Ive been having a problem with my new lens, I didn't think I had this problem so bad until recently, now it's maybe my own paranoia, or I do have a problem, i'm not sure what to think really, I own a 5D Mark2 and my lens a Canon 24 1.4 II L Lens, I'm finding at 1.4 I have to take 5 or 6 images to achieve focus that in the hope 1 will have achieved good focus, I understand 1.4 is so shallow its going to be tough anyway and on a poor AF camera as the 5D2 i'm going to have problems, but I think this is just 2 soft, and allot of the time, the camera misses completely, I just don't get it, after spending so much money, i'm getting a but sick of Canon, and I maybe to blame, Now I use a center spot focus and lock and recompose, and this may be a problem, or not, I do think the camera used to lock focus better, is it possible a camera over time, lose focus, I have tried front and back focus tests on a tape measure, and the focus seems fine, I know I should stop down the lens slightly, but I don't see why I can get a semi sharp image at the right distance on 1.4, for that money I think you should be able too, last week, I took a picture of a friend at the side of his hair just on a grey bit above his ear, and it missed so much and I achieved focus on his forehead, I did more tests and the camera could not focus on hair, even though it was a good contrast for the camera, so I though maybe there's certain things canon sensors have trouble with, so today, I went for a walk with mum, to a forest to see the bluebells, it was a bad day, and nothing great to photograph, so I took some pretty crappy shots of a bluebell and noticed a ladybird on it, so i though ok this could be nice, anyway, this ladybird was moving very slowly and I have 1/1250 shutter, the first 2 where so bad, I could hardly believe my eyes, you can see the images here, 

http://louis-amore.smugmug.com/Other/Test1/22755782_HxNbF7#!i=1825217841&k=WqLhrhB


you can hit a large size to see close enough, 

what are your thoughts, you can see 2 pictures out of the 4 that are slightly okish, and 2 so badly off,


please visit my website, to understand this isn't user error , or in fact it maybe I have no idea

www.louisamore.com

what do you guys think, 

for nearly 3500 pounds worth of kit, should I be getting results like this, Im so deeply unhappy, do i send my camera lens to canon to have a look, i'm not sure, or is this what u get for your money, I believe I would get a better result with a much cheaper micro 4/3rds camera,?

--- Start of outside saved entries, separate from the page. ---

(* For every measurable space $X$ define $\lambda_X:\mathbb DFX\to F\mathbb DX$ by $$\lambda_X=\big\langle g\circ\mathbb D\pi^{1}_X,\ g\circ\mathbb D\pi^{*}_X,\ a\mapsto\mathbb D\pi^a_X\big\rangle,$$ where $g:\mathbb D\mathbb I\to\mathbb I$, $g(m)=\int_{\mathbb I}\mathrm{id}_{\mathbb I}\,dm$. Then each $\lambda_X$ is measurable, and for every measurable $f:X\to Y$: $\lambda_Y\circ\mathbb DFf=F\mathbb Df\circ\lambda_X$; $\lambda_X\circ\eta_{FX}=F\eta_X$; and $F\mu_X\circ\lambda_{\mathbb DX}\circ\mathbb D\lambda_X=\lambda_X\circ\mu_{FX}$. Consequently $\lambda:\mathbb DF\Rightarrow F\mathbb D$ is a distributive law of the monad $\mathbb D$ over the functor $F$.
   Context: Work in $\mathbf{Meas}$. $\mathbb I=[0,1]$ with its Borel $\sigma$-algebra; $A$ a finite alphabet. For a measurable space $(X,\Sigma_X)$, $\mathbb DX$ is the set of sub-probability measures on $X$ with the $\sigma$-algebra generated by the maps $e^X_S(m)=m(S)$, $S\in\Sigma_X$; $\mathbb Df(m)=m\circ f^{-1}$; the sub-Giry monad $(\mathbb D,\eta,\mu)$ has $\eta_X(x)(S)=\mathbf 1_S(x)$ and $\mu_X(\Phi)(S)=\int_{\mathbb DX}e^X_S\,d\Phi$. The functor $F$ is $FX=\mathbb I\times\mathbb I\times X^A$ with the product $\sigma$-algebra and $Ff=\mathrm{id}_{\mathbb I}\times\mathrm{id}_{\mathbb I}\times f^A$. We write $\mathrm{id}_{FX}=\langle\pi^1_X,\pi^*_X,a\mapsto\pi^a_X\rangle$, i.e. $\pi^1_X,\pi^*_X:FX\to\mathbb I$ are the first two projections and $\pi^a_X:FX\to X$ is the projection onto the $a$-component. A distributive law is a natural transformation $\lambda:\mathbb DF\Rightarrow F\mathbb D$ with $\lambda_X\circ\eta_{FX}=F\eta_X$ and $\lambda_X\circ\mu_{FX}=F\mu_X\circ\lambda_{\mathbb DX}\circ\mathbb D\lambda_X$. *)

From HB Require Import structures.
From mathcomp Require Import all_boot all_order all_algebra.
From mathcomp Require Import all_classical all_reals all_analysis.
From mathcomp Require Export giry.

Set Implicit Arguments.
Unset Strict Implicit.
Unset Printing Implicit Defensive.

Import Order.TTheory GRing.Theory Num.Theory.
Local Open Scope classical_set_scope.
Local Open Scope ring_scope.

Section unit_interval.
Variable R : realType.

Definition I01 : Type := {x : R | (0 <= x <= 1)%R}.

HB.instance Definition _ := Choice.on I01.

Lemma I01_0_subproof : (0 <= (0:R) <= 1)%R.
Proof. by rewrite lexx ler01. Qed.

Definition I01_0 : I01 := exist _ 0 I01_0_subproof.

HB.instance Definition _ := isPointed.Build I01 I01_0.

Definition I01_measurable : set (set I01) :=
  preimage_set_system [set: I01] (@proj1_sig R _) measurable.

Let I01_sigma : sigma_algebra [set: I01] I01_measurable.
Proof. exact/sigma_algebra_preimage/sigma_algebra_measurable. Qed.

Let I01_measurable0 : I01_measurable set0.
Proof. by case: I01_sigma. Qed.

Let I01_measurableC (U : set I01) : I01_measurable U -> I01_measurable (~` U).
Proof. by case: I01_sigma => _ hC _ /hC; rewrite setTD. Qed.

Let I01_measurableU (F : (set I01)^nat) :
  (forall i, I01_measurable (F i)) -> I01_measurable (\bigcup_i F i).
Proof. by case: I01_sigma => _ _ hU /hU. Qed.

Definition I01_display : measure_display. Proof. by constructor. Qed.

HB.instance Definition _ := @isMeasurable.Build I01_display I01 I01_measurable
  I01_measurable0 I01_measurableC I01_measurableU.

End unit_interval.

Section expo.
Variables (A : finType) (d : measure_display) (X : measurableType d).

Definition expo : Type := {ffun A -> X}.

HB.instance Definition _ := Choice.on expo.
HB.instance Definition _ := isPointed.Build expo [ffun=> point].

Definition expo_measurable : set (set expo) :=
  <<s \bigcup_(a in [set: A]) preimage_set_system [set: expo] (fun h : expo => h a)
      measurable >>.

Let expo_measurable0 : expo_measurable set0.
Proof. exact: sigma_algebra0. Qed.

Let expo_measurableC (U : set expo) : expo_measurable U -> expo_measurable (~` U).
Proof. exact: sigma_algebraC. Qed.

Let expo_measurableU (F : (set expo)^nat) :
  (forall i, expo_measurable (F i)) -> expo_measurable (\bigcup_i F i).
Proof. exact: sigma_algebra_bigcup. Qed.

Definition expo_display : measure_display. Proof. by constructor. Qed.

HB.instance Definition _ := @isMeasurable.Build expo_display expo expo_measurable
  expo_measurable0 expo_measurableC expo_measurableU.

Lemma measurable_expo_proj (a : A) : measurable_fun [set: expo] (fun h : expo => h a).
Proof.
move=> _ B mB; apply: sub_sigma_algebra; exists a => //.
by exists B.
Qed.

End expo.

Notation FF R A X := (I01 R * I01 R * expo A X)%type.

Section functorF.
Variables (R : realType) (A : finType).


Definition Fmap d1 d2 (X : measurableType d1) (Y : measurableType d2)
  (f : X -> Y) : FF R A X -> FF R A Y :=
  fun z => (z.1.1, z.1.2, [ffun a => f (z.2 a)] : expo A Y).

Lemma measurable_Fmap d1 d2 (X : measurableType d1) (Y : measurableType d2)
  (f : X -> Y) : measurable_fun [set: X] f -> measurable_fun [set: FF R A X] (Fmap f).
Proof.
move=> mf; apply: measurable_fun_pair.
  apply: measurable_fun_pair.
    exact: measurableT_comp measurable_fst measurable_fst.
  exact: measurableT_comp measurable_snd measurable_fst.
apply: (@measurability _ _ _ _ _ _ (\bigcup_(a in [set: A])
   preimage_set_system [set: expo A Y] (fun h : expo A Y => h a) measurable) erefl).
move=> _ [C [a _ [B mB <-]] <-].
rewrite !setTI -comp_preimage.
have -> : (fun h : expo A Y => h a) \o (fun z : FF R A X => [ffun a0 => f (z.2 a0)] : expo A Y)
  = f \o (fun h : expo A X => h a) \o snd by apply/funext => z /=; rewrite ffunE.
rewrite -[X in measurable X]setTI.
have mh : measurable_fun [set: FF R A X] (f \o (fun h : expo A X => h a) \o snd).
  exact: (measurableT_comp (measurableT_comp mf (measurable_expo_proj a)) measurable_snd).
exact: mh.
Qed.

Definition pi1 d (X : measurableType d) (z : FF R A X) : I01 R := z.1.1.
Definition piS d (X : measurableType d) (z : FF R A X) : I01 R := z.1.2.
Definition pia d (X : measurableType d) (a : A) (z : FF R A X) : X := z.2 a.

Lemma measurable_pi1 d (X : measurableType d) : measurable_fun [set: FF R A X] (@pi1 _ X).
Proof. exact: measurableT_comp measurable_fst measurable_fst. Qed.

Lemma measurable_piS d (X : measurableType d) : measurable_fun [set: FF R A X] (@piS _ X).
Proof. exact: measurableT_comp measurable_snd measurable_fst. Qed.

Lemma measurable_pia d (X : measurableType d) (a : A) :
  measurable_fun [set: FF R A X] (@pia _ X a).
Proof. exact: measurableT_comp (measurable_expo_proj a) measurable_snd. Qed.

(* g : D I -> I, g(m) = \int_I id dm.  The value always lies in [0,1]
   (m is a sub-probability measure), so the default of insubd is never used. *)
Definition gmean (m : giry (I01 R) R) : I01 R :=
  insubd (I01_0 R) (fine (\int[m]_x ((proj1_sig x)%:E))%E).

Definition lam d (X : measurableType d) (m : giry (FF R A X) R) : FF R A (giry X R) :=
  (gmean (giry_map (@measurable_pi1 _ X) m),
   gmean (giry_map (@measurable_piS _ X) m),
   [ffun a => giry_map (@measurable_pia _ X a) m] : expo A (giry X R)).

Definition eqFD d (X : measurableType d) (z1 z2 : FF R A (giry X R)) : Prop :=
  z1.1 = z2.1 /\ forall a : A, z1.2 a ≡μ z2.2 a.

End functorF.

From HB Require Import structures.
From mathcomp Require Import all_boot all_order all_algebra.
From mathcomp Require Import all_classical all_reals all_analysis.
From mathcomp Require Import giry measurable_realfun.
Import Order.TTheory GRing.Theory Num.Theory.
Local Open Scope classical_set_scope.
Local Open Scope ereal_scope.

(* The measure components of lambda are pushforwards along the projections of F,
   so their laws are the functor laws of D.  The interval components apply the
   mean g, and all that is needed of g is that it is measurable (integration
   against a nonnegative measurable function is) and compatible with the monad:
   the mean of a Dirac mass is its point, and integrating against a join
   integrates the inner integrals. *)

Section interval_mean.
Variable R : realType.

Definition ereal_of_I01 (x : I01 R) : \bar R := (proj1_sig x)%:E.

Lemma measurable_I01_val : measurable_fun [set: I01 R] (@proj1_sig R _).
Proof. by move=> _ B mB; exists B. Qed.

Lemma measurable_I01_of_val d (T : measurableType d) (f : T -> I01 R) :
  measurable_fun [set: T] (@proj1_sig R _ \o f) -> measurable_fun [set: T] f.
Proof. by move=> mf _ Y [B mB <-]; rewrite setTI; have := mf measurableT B mB. Qed.

Lemma measurable_ereal_of_I01 : measurable_fun [set: I01 R] ereal_of_I01.
Proof. exact/measurable_EFinP/measurable_I01_val. Qed.

Lemma ereal_of_I01_ge0 x : 0 <= ereal_of_I01 x.
Proof. by rewrite lee_fin; case: x => /= r /andP[]. Qed.

Lemma ereal_of_I01_le1 x : ereal_of_I01 x <= 1.
Proof. by rewrite lee_fin; case: x => /= r /andP[]. Qed.

Lemma gmeanE (m : giry (I01 R) R) :
  ereal_of_I01 (gmean m) = \int[m]_x ereal_of_I01 x.
Proof.
have int_ge0 : 0 <= \int[m]_x ereal_of_I01 x.
  by apply: integral_ge0 => x _; exact: ereal_of_I01_ge0.
have int_le1 : \int[m]_x ereal_of_I01 x <= 1.
  apply: (@le_trans _ _ (\int[m]_x cst 1 x)).
    apply: ge0_le_integral => //; first by move=> x _; exact: ereal_of_I01_ge0.
      exact: measurable_ereal_of_I01.
    by move=> x _; exact: ereal_of_I01_le1.
  by rewrite integral_cst //= mul1e sprobability_setT.
have int_fin : \int[m]_x ereal_of_I01 x \is a fin_num.
  by rewrite ge0_fin_numE // (le_lt_trans int_le1) // ltey.
rewrite /ereal_of_I01 /gmean val_insubd -/(ereal_of_I01 _).
have -> : (0 <= fine (\int[m]_x ereal_of_I01 x) <= 1)%R.
  by apply/andP; split; rewrite -lee_fin fineK.
by rewrite fineK.
Qed.

Lemma eq_gmean (m1 m2 : giry (I01 R) R) :
  \int[m1]_x ereal_of_I01 x = \int[m2]_x ereal_of_I01 x -> gmean m1 = gmean m2.
Proof. by move=> eq_int; rewrite /gmean; exact: (congr1 (insubd _ \o fine) eq_int). Qed.

Lemma measurable_gmean : measurable_fun [set: giry (I01 R) R] (@gmean R).
Proof.
apply: measurable_I01_of_val.
have -> : @proj1_sig R _ \o @gmean R = fine \o (giry_int ^~ ereal_of_I01).
  by apply/funext => m /=; rewrite /giry_int -gmeanE.
apply: measurableT_comp; first exact: fine_measurable.
exact: measurable_giry_int measurable_ereal_of_I01 ereal_of_I01_ge0.
Qed.

Section mean_of_pushforward.
Context d (T : measurableType d) (p : T -> I01 R) (mp : measurable_fun [set: T] p).

Let measurable_ereal_p : measurable_fun [set: T] (ereal_of_I01 \o p).
Proof. exact: measurableT_comp measurable_ereal_of_I01 mp. Qed.

Lemma gmean_mapE (m : giry T R) :
  ereal_of_I01 (gmean (giry_map mp m)) = \int[m]_x ereal_of_I01 (p x).
Proof.
rewrite gmeanE -[LHS]/(giry_int _ _) giry_int_map //.
- exact: measurable_ereal_of_I01.
- exact: ereal_of_I01_ge0.
Qed.

Lemma gmean_map_ret (t : T) : gmean (giry_map mp (giry_ret t)) = p t.
Proof.
apply/val_inj/EFin_inj; rewrite -[LHS]/(ereal_of_I01 _) gmean_mapE.
exact: giry_int_ret.
Qed.

End mean_of_pushforward.

Lemma gmean_map_join d d' (T : measurableType d) (S : measurableType d')
    (p : T -> I01 R) (mp : measurable_fun [set: T] p)
    (h : giry T R -> S) (mh : measurable_fun [set: giry T R] h)
    (q : S -> I01 R) (mq : measurable_fun [set: S] q) :
    (forall m, q (h m) = gmean (giry_map mp m)) ->
  forall M : giry (giry T R) R,
    gmean (giry_map mq (giry_map mh M)) = gmean (giry_map mp (giry_join M)).
Proof.
move=> qh M; apply/val_inj/EFin_inj; rewrite -!/(ereal_of_I01 _) !gmean_mapE.
rewrite -!/(giry_int _ _) giry_int_map; first last.
- by move=> ?; exact: ereal_of_I01_ge0.
- exact: measurableT_comp measurable_ereal_of_I01 mq.
rewrite giry_int_join; first last.
- by move=> ?; exact: ereal_of_I01_ge0.
- exact: measurableT_comp measurable_ereal_of_I01 mp.
by apply: eq_integral => m _ /=; rewrite qh gmean_mapE.
Qed.

End interval_mean.

Lemma measurable_expoP (A : finType) d d' (T : measurableType d)
    (Y : measurableType d') (h : T -> expo A Y) :
  (forall a, measurable_fun [set: T] (fun t => h t a)) -> measurable_fun [set: T] h.
Proof.
move=> mh; apply: (@measurability _ _ _ _ _ _ (\bigcup_(a in [set: A])
  preimage_set_system [set: expo A Y] (fun g : expo A Y => g a) measurable) erefl).
move=> _ [_ [a _ [B mB <-]] <-].
by rewrite !setTI -comp_preimage -[X in measurable X]setTI; exact: mh.
Qed.

Section distributive_law.
Variables (R : realType) (A : finType).

Lemma measurable_lam d (X : measurableType d) :
  measurable_fun [set: giry (FF R A X) R] (@lam R A d X).
Proof.
apply: measurable_fun_pair; first apply: measurable_fun_pair.
- exact: measurableT_comp (@measurable_gmean R) (measurable_giry_map _).
- exact: measurableT_comp (@measurable_gmean R) (measurable_giry_map _).
apply: measurable_expoP => a /=.
under eq_fun do rewrite ffunE.
exact: measurable_giry_map.
Qed.

Lemma lam_natural d1 d2 (X : measurableType d1) (Y : measurableType d2)
    (f : X -> Y) (mf : measurable_fun [set: X] f) (m : giry (FF R A X) R) :
  eqFD (lam (giry_map (@measurable_Fmap R A _ _ _ _ _ mf) m))
       (@Fmap R A _ _ _ _ (giry_map mf) (lam m)).
Proof.
(* [pi1 \o Fmap f] and [piS \o Fmap f] reduce to [pi1] and [piS], so the
   interval components agree by conversion. *)
split; first by congr pair; apply: eq_gmean.
move=> a S mS; rewrite /= !ffunE.
change (m (Fmap f @^-1` (@pia R A _ Y a @^-1` S)) =
        m (@pia R A _ X a @^-1` (f @^-1` S))).
by congr (m _); apply/funext => z; rewrite /preimage /pia /Fmap /= ffunE.
Qed.

Lemma lam_ret d (X : measurableType d) (t : FF R A X) :
  eqFD (lam (giry_ret t : giry (FF R A X) R)) (@Fmap R A _ _ _ _ giry_ret t).
Proof.
split; last by move=> a S mS; rewrite /= !ffunE.
by congr pair; apply: gmean_map_ret.
Qed.

Lemma lam_join d (X : measurableType d)
    (mlam : measurable_fun [set: giry (FF R A X) R] (@lam R A d X))
    (M : giry (giry (FF R A X) R) R) :
  eqFD (@Fmap R A _ _ _ _ giry_join (lam (giry_map mlam M))) (lam (giry_join M)).
Proof.
split; first by congr pair; apply: gmean_map_join.
move=> a S mS; rewrite /= !ffunE.
have mevS : measurable_fun [set: giry X R] (giry_ev ^~ S) by exact: measurable_giry_ev.
change (giry_int (giry_map (@measurable_pia R A _ (giry X R) a) (giry_map mlam M))
          (giry_ev ^~ S)
  = giry_int M (giry_ev ^~ (@pia R A _ X a @^-1` S))).
rewrite !giry_int_map //.
- by apply: eq_integral => m _ /=; rewrite /pia /= ffunE.
- exact: measurableT_comp mevS (@measurable_pia R A _ (giry X R) a).
Qed.

End distributive_law.

Theorem mainTheorem6 (R : realType) (A : finType) :
  (forall (d : measure_display) (X : measurableType d),
      measurable_fun [set: giry (FF R A X) R] (@lam R A d X)) /\
  (forall (d1 d2 : measure_display) (X : measurableType d1) (Y : measurableType d2)
          (f : X -> Y) (mf : measurable_fun [set: X] f) (m : giry (FF R A X) R),
      eqFD (lam (giry_map (@measurable_Fmap R A _ _ _ _ _ mf) m))
           (@Fmap R A _ _ _ _ (giry_map mf) (lam m))) /\
  (forall (d : measure_display) (X : measurableType d) (t : FF R A X),
      eqFD (lam (giry_ret t : giry (FF R A X) R)) (@Fmap R A _ _ _ _ giry_ret t)) /\
  (forall (d : measure_display) (X : measurableType d)
          (mlam : measurable_fun [set: giry (FF R A X) R] (@lam R A d X))
          (M : giry (giry (FF R A X) R) R),
      eqFD (@Fmap R A _ _ _ _ giry_join (lam (giry_map mlam M)))
           (lam (giry_join M))).
Proof.
split; first exact: measurable_lam.
split; first exact: lam_natural.
split; first exact: lam_ret.
exact: lam_join.
Qed.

thanks for your time to any one who replies

Kindest regards

Louis


PS sorry for the typos im terrible at spelling


----------



## neuroanatomist (May 2, 2012)

Four little letters. A. F. M. A. To expand on that a bit, you need to do an autofocus microadjustment. Read more about it here (a writeup I posted sometime back). Or, do as I currently do, and use Reikan FoCal.


----------



## Mt Spokane Photography (May 2, 2012)

It looks like its front focusing. You appear to be close, and front focus is normal near mfd. If you are going to take all your images that close, do a AFMA at that distance. You then might see issues at far away distances, but depth of filed might save you.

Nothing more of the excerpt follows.